The Rubin–Ford effect is, per Ian Ridpath's Dictionary of Astronomy, an apparent rather than actual "anisotropy in the expansion of the Universe on a scale of around 100 million [light years] as revealed by a study of the motions of a sample of spiral galaxies," as initially described by Vera Rubin, William Kent Ford Jr., and Norbert Thonnard of the Carnegie Institution of Washington, Morton S. Roberts of the National Radio Astronomy Observatory, and John A. Graham of the Cerro Tololo Inter-American Observatory, in La Serena, Chile. Specifically, their conclusion was that a sample of galaxies (referred to as ScI) was, on the whole, moving with a velocity of 885 km s^{−1} toward a specific astronomical position (l = 304°, b = 26°) relative to the microwave background radiation, which, because it is isotropic, provided a frame of reference for the measurement.

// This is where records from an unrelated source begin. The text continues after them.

(* Let $X\in\mathbb{R}^{L\times S}$ be a matrix of location profiles, let $w_S\in\mathbb{R}^S$ and $w_L\in\mathbb{R}^L$ be weight vectors, and let $\Delta\in\mathbb{R}^{S\times S}$ and $\Sigma=\mathbf{1}_S v^T+v\mathbf{1}_S^T-\tfrac12\Delta$ (for some $v\in\mathbb{R}^S$) be as in the context, with $\Sigma$ positive definite. Let $P=I_S-\mathbf{1}_S w_S^T$ and $\tilde X=XP$. (DPCoA.) Let $U$ have as columns orthonormal eigenvectors of $D_{w_S}^{1/2}P(-\tfrac12\Delta)P^TD_{w_S}^{1/2}$ associated with its positive eigenvalues, collected in the diagonal matrix $\Lambda$, and put $Z=D_{w_S}^{-1/2}U\Lambda^{1/2}$ and $Y=XZ$. Let $r=\operatorname{rank}(Y)$, let $\Phi$ be the $r\times r$ diagonal matrix of the nonzero eigenvalues of $Y^TD_{w_L}Y$ in decreasing order, and let $F$ have as columns corresponding orthonormal eigenvectors ($F^TF=I_r$). The DPCoA location coordinates are $YF$ and the DPCoA species coordinates are $ZF$. (gPCA.) Let $\Psi$ be the diagonal matrix of the nonzero eigenvalues of $\tilde X^TD_{w_L}\tilde X\Sigma$ in decreasing order, and let $A\in\mathbb{R}^{S\times r'}$ have as columns corresponding eigenvectors normalized so that $A^T\Sigma A=I$. Then $r'=r$ and $\Psi=\Phi$. Moreover, if these nonzero eigenvalues are pairwise distinct, there is a diagonal matrix $E$ with diagonal entries in $\{+1,-1\}$ such that $$YF=\tilde X\Sigma A\,E\qquad\text{and}\qquad ZF=P\Sigma A\,E,$$ i.e. the location coordinates of DPCoA coincide with the gPCA coordinates $\tilde X\Sigma A$ of the triplet $(\tilde X,\Sigma,D_{w_L})$, and the DPCoA species coordinates coincide with $P\Sigma A$ (the images of the centered standard basis vectors $e_s$ under the gPCA transformation), up to the same column sign changes.
   Context: $S$ species and $L$ locations. $X\in\mathbb{R}^{L\times S}$ has nonnegative entries and each row sums to $1$ (each row is a location profile). $w_S\in\mathbb{R}^S$ and $w_L\in\mathbb{R}^L$ have strictly positive entries each summing to $1$; for a vector $w$, $D_w$ denotes the diagonal matrix with diagonal $w$, and $\mathbf{1}_m$ is the all-ones vector in $\mathbb{R}^m$. $\Delta\in\mathbb{R}^{S\times S}$ is a symmetric matrix with zero diagonal (a matrix of squared dissimilarities between species) which is Euclidean in the sense that $P(-\tfrac12\Delta)P^T$ is positive semidefinite, where $P=I_S-\mathbf{1}_Sw_S^T$. $v\in\mathbb{R}^S$ is any vector for which $\Sigma=\mathbf{1}_Sv^T+v\mathbf{1}_S^T-\tfrac12\Delta$ is positive definite. *)

(* real closed field R (square roots needed). *)
From HB Require Import structures.
From mathcomp Require Import all_boot all_order all_algebra.
Set Implicit Arguments. Unset Strict Implicit. Unset Printing Implicit Defensive.
Import Order.TTheory GRing.Theory Num.Theory.
Local Open Scope ring_scope.

Section Defs.
Variable R : rcfType.

Definition ones (m : nat) : 'cV[R]_m := const_mx 1.

Definition Dw (n : nat) (w : 'rV[R]_n) : 'M[R]_n := diag_mx w.
Definition Dsqrt (n : nat) (w : 'rV[R]_n) : 'M[R]_n :=
  diag_mx (map_mx (fun x => Num.sqrt x) w).
Definition Dinvsqrt (n : nat) (w : 'rV[R]_n) : 'M[R]_n :=
  diag_mx (map_mx (fun x => (Num.sqrt x)^-1) w).

Definition Pmat (n : nat) (w : 'rV[R]_n) : 'M[R]_n := 1%:M - ones n *m w.

Definition Sigma (n : nat) (v : 'cV[R]_n) (Delta : 'M[R]_n) : 'M[R]_n :=
  ones n *m v^T + v *m (ones n)^T - 2^-1 *: Delta.

Definition psd (n : nat) (M : 'M[R]_n) : Prop :=
  forall x : 'cV[R]_n, 0 <= (x^T *m M *m x) 0 0.

Definition posdef (n : nat) (M : 'M[R]_n) : Prop :=
  forall x : 'cV[R]_n, x != 0 -> 0 < (x^T *m M *m x) 0 0.

Definition weight (n : nat) (w : 'rV[R]_n) : Prop :=
  (forall i, 0 < w 0 i) /\ \sum_i w 0 i = 1.

Definition nonincreasing_diag (n : nat) (d : 'rV[R]_n) : Prop :=
  forall i j : 'I_n, (i <= j)%N -> d 0 j <= d 0 i.

End Defs.

From HB Require Import structures.
From mathcomp Require Import all_boot all_order all_algebra.
From mathcomp Require Import ring lra zify.
Set Implicit Arguments. Unset Strict Implicit. Unset Printing Implicit Defensive.
Import Order.TTheory GRing.Theory Num.Theory.
Local Open Scope ring_scope.

(* The spectral data (U, Lambda)
   carry the whole nonzero spectrum of the psd matrix
   D^{1/2} P (-Delta/2) P^T D^{1/2}, so Z Z^T = P (-Delta/2) P^T = P Sigma P^T
   (the rank-two part of Sigma is killed by the centering P).  With
   K = (X P)^T D_wL (X P), Sylvester's identity for characteristic polynomials
   gives, up to powers of 'X,
      chi(Z^T (X^T D X Z)) ~ chi(X^T D X P Sigma P^T) ~ chi(P^T X^T D X P Sigma),
   i.e. chi(Y^T D Y) ~ chi(K Sigma),
   so both problems have the same nonzero eigenvalues with multiplicities;
   sorted in decreasing order they coincide, whence r' = r and psi = phi.
   For the coordinates, F spans the row space of Y (a psd trace argument), so
   YF and the gPCA coordinates X P Sigma A are both D-orthogonal eigenvectors
   of Y Y^T D = X P Sigma P^T X^T D for the same simple eigenvalues; they
   therefore agree up to column signs, and the species coordinates follow by
   applying P Sigma P^T X^T D to both. *)

Section CharPolyProduct.
Variable R : comNzRingType.

Lemma char_poly_mulC (m n : nat) (A : 'M[R]_(m, n)) (B : 'M[R]_(n, m)) :
  'X^n * char_poly (A *m B) = 'X^m * char_poly (B *m A).
Proof.
set a := map_mx polyC A; set b := map_mx polyC B.
pose M := block_mx ('X%:M : 'M_m) a b (1%:M : 'M_n).
have lower : M *m block_mx 1%:M 0 (- b) 1%:M
    = block_mx (char_poly_mx (A *m B)) a 0 1%:M.
  rewrite mulmx_block !mulmx0 !mulmx1 !mul1mx !add0r !mulmxN addrN.
  by rewrite /char_poly_mx map_mxM.
have upper : block_mx 1%:M 0 (- b) ('X%:M : 'M_n) *m M
    = block_mx ('X%:M : 'M_m) a 0 (char_poly_mx (B *m A)).
  rewrite mulmx_block !mul0mx !mul1mx !addr0 !mulNmx mul_mx_scalar mul_scalar_mx.
  by rewrite addNr mulmx1 addrC /char_poly_mx map_mxM.
have := congr1 determinant lower.
rewrite det_mulmx det_lblock det_ublock !det1 !mulr1 => detM.
have := congr1 determinant upper.
rewrite det_mulmx det_lblock det_ublock !det1 mul1r !det_scalar => detXM.
by rewrite /char_poly -detM -detXM mulrC.
Qed.

End CharPolyProduct.

Section Spectrum.
Variable R : fieldType.

Definition diag_seq (r : nat) (d : 'rV[R]_r) : seq R := [seq d 0 i | i <- enum 'I_r].

Lemma size_diag_seq (r : nat) (d : 'rV[R]_r) : size (diag_seq d) = r.
Proof. by rewrite size_map size_enum_ord. Qed.

Lemma nth_diag_seq (r : nat) (d : 'rV[R]_r) (i : 'I_r) : nth 0 (diag_seq d) i = d 0 i.
Proof. by rewrite (nth_map i) ?size_enum_ord ?ltn_ord // nth_ord_enum. Qed.

Lemma prod_diag_seq (r : nat) (d : 'rV[R]_r) :
  \prod_(i < r) ('X - (d 0 i)%:P) = \prod_(x <- diag_seq d) ('X - x%:P).
Proof. by rewrite big_map big_enum. Qed.

Lemma polyXn_prod (n : nat) : 'X^n = \prod_(x <- nseq n (0 : R)) ('X - x%:P).
Proof.
elim: n => [|n IHn]; first by rewrite big_nil expr0.
by rewrite /= big_cons exprS IHn subr0.
Qed.

Lemma char_poly_factor_trace (k r : nat) (H : 'M[R]_k) (d : 'rV[R]_r) :
  char_poly H = 'X^(k - r) * \prod_(i < r) ('X - (d 0 i)%:P) ->
  (r <= k)%N /\ \tr H = \sum_i d 0 i.
Proof.
move=> hH.
have r_le_k : (r <= k)%N.
  have := size_char_poly H.
  rewrite hH prod_diag_seq size_mul ?monic_neq0 ?monic_prod_XsubC ?monicXn //.
  rewrite size_polyXn size_prod_XsubC size_diag_seq /=; lia.
split => //; case: r d hH r_le_k => [|r] d hH r_le_k.
  rewrite big_ord0 subn0 mulr1 in hH; rewrite big_ord0.
  case: k H hH {r_le_k} => [|k] H hH; first by rewrite /mxtrace big_ord0.
  apply/eqP; rewrite -oppr_eq0 -char_poly_trace // hH coefXn /=.
  by rewrite (ltn_eqF (ltnSn k)).
apply: oppr_inj; rewrite -char_poly_trace; last by lia.
rewrite hH coefXnM ifF; last by apply/negbTE; rewrite -leqNgt; lia.
have -> : (k.-1 - (k - r.+1) = (size (diag_seq d)).-1)%N by rewrite size_diag_seq; lia.
rewrite prod_diag_seq coefPn_prod_XsubC ?size_diag_seq //.
by rewrite /diag_seq big_map big_enum.
Qed.

Lemma nonzero_spectra_eq (k n r r' : nat) (H1 : 'M[R]_k) (H2 : 'M[R]_n)
    (d1 : 'rV[R]_r) (d2 : 'rV[R]_r') :
  'X^n * char_poly H1 = 'X^k * char_poly H2 ->
  char_poly H1 = 'X^(k - r) * \prod_(i < r) ('X - (d1 0 i)%:P) ->
  char_poly H2 = 'X^(n - r') * \prod_(i < r') ('X - (d2 0 i)%:P) ->
  (forall i, d1 0 i != 0) -> (forall i, d2 0 i != 0) ->
  r' = r /\ perm_eq (diag_seq d1) (diag_seq d2).
Proof.
move=> hX h1 h2 nz1 nz2.
have [r_le_k _] := char_poly_factor_trace h1.
have [r'_le_n _] := char_poly_factor_trace h2.
have no_zero r0 (d : 'rV[R]_r0) : (forall i, d 0 i != 0) ->
    count (pred1 0) (diag_seq d) = 0%N.
  move=> nz; rewrite /diag_seq count_map; apply/eqP.
  by rewrite eqn0Ngt -has_count; apply/hasPn => i _; exact: nz.
move: hX; rewrite h1 h2 !mulrA -!exprD !prod_diag_seq !polyXn_prod -!big_cat.
move=> /prod_XsubC_eq roots_eq.
have := permP roots_eq (pred1 0).
rewrite !count_cat !count_nseq !no_zero //= eqxx /= !mul1n !addn0 => zeros_eq.
have r'r : r' = r by lia.
split => //; subst r'.
move: roots_eq; have -> : (n + (k - r) = k + (n - r))%N by lia.
by rewrite perm_cat2l.
Qed.

End Spectrum.

Section Ordered.
Variable R : rcfType.

Lemma nonincreasing_diag_eq (r : nat) (d1 d2 : 'rV[R]_r) :
  nonincreasing_diag d1 -> nonincreasing_diag d2 ->
  perm_eq (diag_seq d1) (diag_seq d2) -> d1 = d2.
Proof.
have sorted_seq (d : 'rV[R]_r) :
    nonincreasing_diag d -> sorted (fun x y => y <= x) (diag_seq d).
  move=> hd; apply/(sortedP 0) => n; rewrite size_diag_seq => hn.
  have hn0 : (n < r)%N by lia.
  rewrite (nth_diag_seq d (Ordinal hn0)) (nth_diag_seq d (Ordinal hn)).
  exact: hd.
move=> h1 h2 hperm.
have seq_eq : diag_seq d1 = diag_seq d2.
  apply: (sorted_eq (leT := fun x y : R => y <= x)) hperm.
  - by move=> x y z hxy hyz; exact: le_trans hyz hxy.
  - by move=> x y /andP [a b]; apply/eqP; rewrite eq_le a b.
  - exact: sorted_seq.
  - exact: sorted_seq.
by apply/matrixP => a i; rewrite [a]ord1 -!nth_diag_seq seq_eq.
Qed.

Lemma quad_form_delta (n : nat) (M : 'M[R]_n) (i j : 'I_n) :
  (delta_mx i (0 : 'I_1))^T *m M *m delta_mx j 0 = (M i j)%:M.
Proof. by apply/matrixP => a b; rewrite !ord1 trmx_delta -rowE -colE !mxE. Qed.

Lemma psd_trace_eq0 (n : nat) (M : 'M[R]_n) :
  M^T = M -> psd M -> \tr M = 0 -> M = 0.
Proof.
move=> Msym Mpsd Mtr.
have diag_ge0 i : 0 <= M i i.
  by have := Mpsd (delta_mx i 0); rewrite quad_form_delta mxE.
have diag0 i : M i i = 0.
  by move: Mtr; rewrite /mxtrace => /psumr_eq0P; apply.
apply/matrixP => i j; rewrite mxE.
have [->|nij] := eqVneq i j; first exact: diag0.
pose x : 'cV[R]_n := delta_mx i 0 - M i j *: delta_mx j 0.
have xT : x^T = (delta_mx i 0)^T - M i j *: (delta_mx j 0)^T.
  by apply/matrixP => a b; rewrite !mxE.
have := Mpsd x; rewrite xT /x !mulmxBl !mulmxBr -!scalemxAl -!scalemxAr.
rewrite !quad_form_delta !mxE /= !mulr1n !diag0.
have -> : M j i = M i j by rewrite -{1}Msym mxE.
move: (M i j) => c hc.
have c2 : c * c <= 0 by nra.
by apply/eqP; rewrite -sqrf_eq0 eq_le sqr_ge0 andbT expr2.
Qed.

The description by Rubin and colleagues, first appearing in 1976, is considered pioneering work, and has been the subject of "intense discussion" since its first report. The effect, however, is now seen as being apparent, and the data from which it was derived "probably only reflect the inhomogeneous distribution of galaxies in the region of the Rubin–Ford sample"—i.e., that "the Universe is not homogeneous on these scales"—and are actually "consistent with isotropic expansion, an unperturbed galaxy velocity field and hence a low density Universe."

As indicated by the opening definition, and as described by Bernard J.T. Jones in review in 2002, the data on which the conclusion of an effect was based are:
indeed biased in the way described by Fall and Jones [1976] and the apparent large scale flow implied by that data is spurious… [The bias] arises only in samples of galaxies selected in a narrow range of absolute magnitudes, such as ScI galaxies and so one should be careful before arguing that such effects arise in other samples.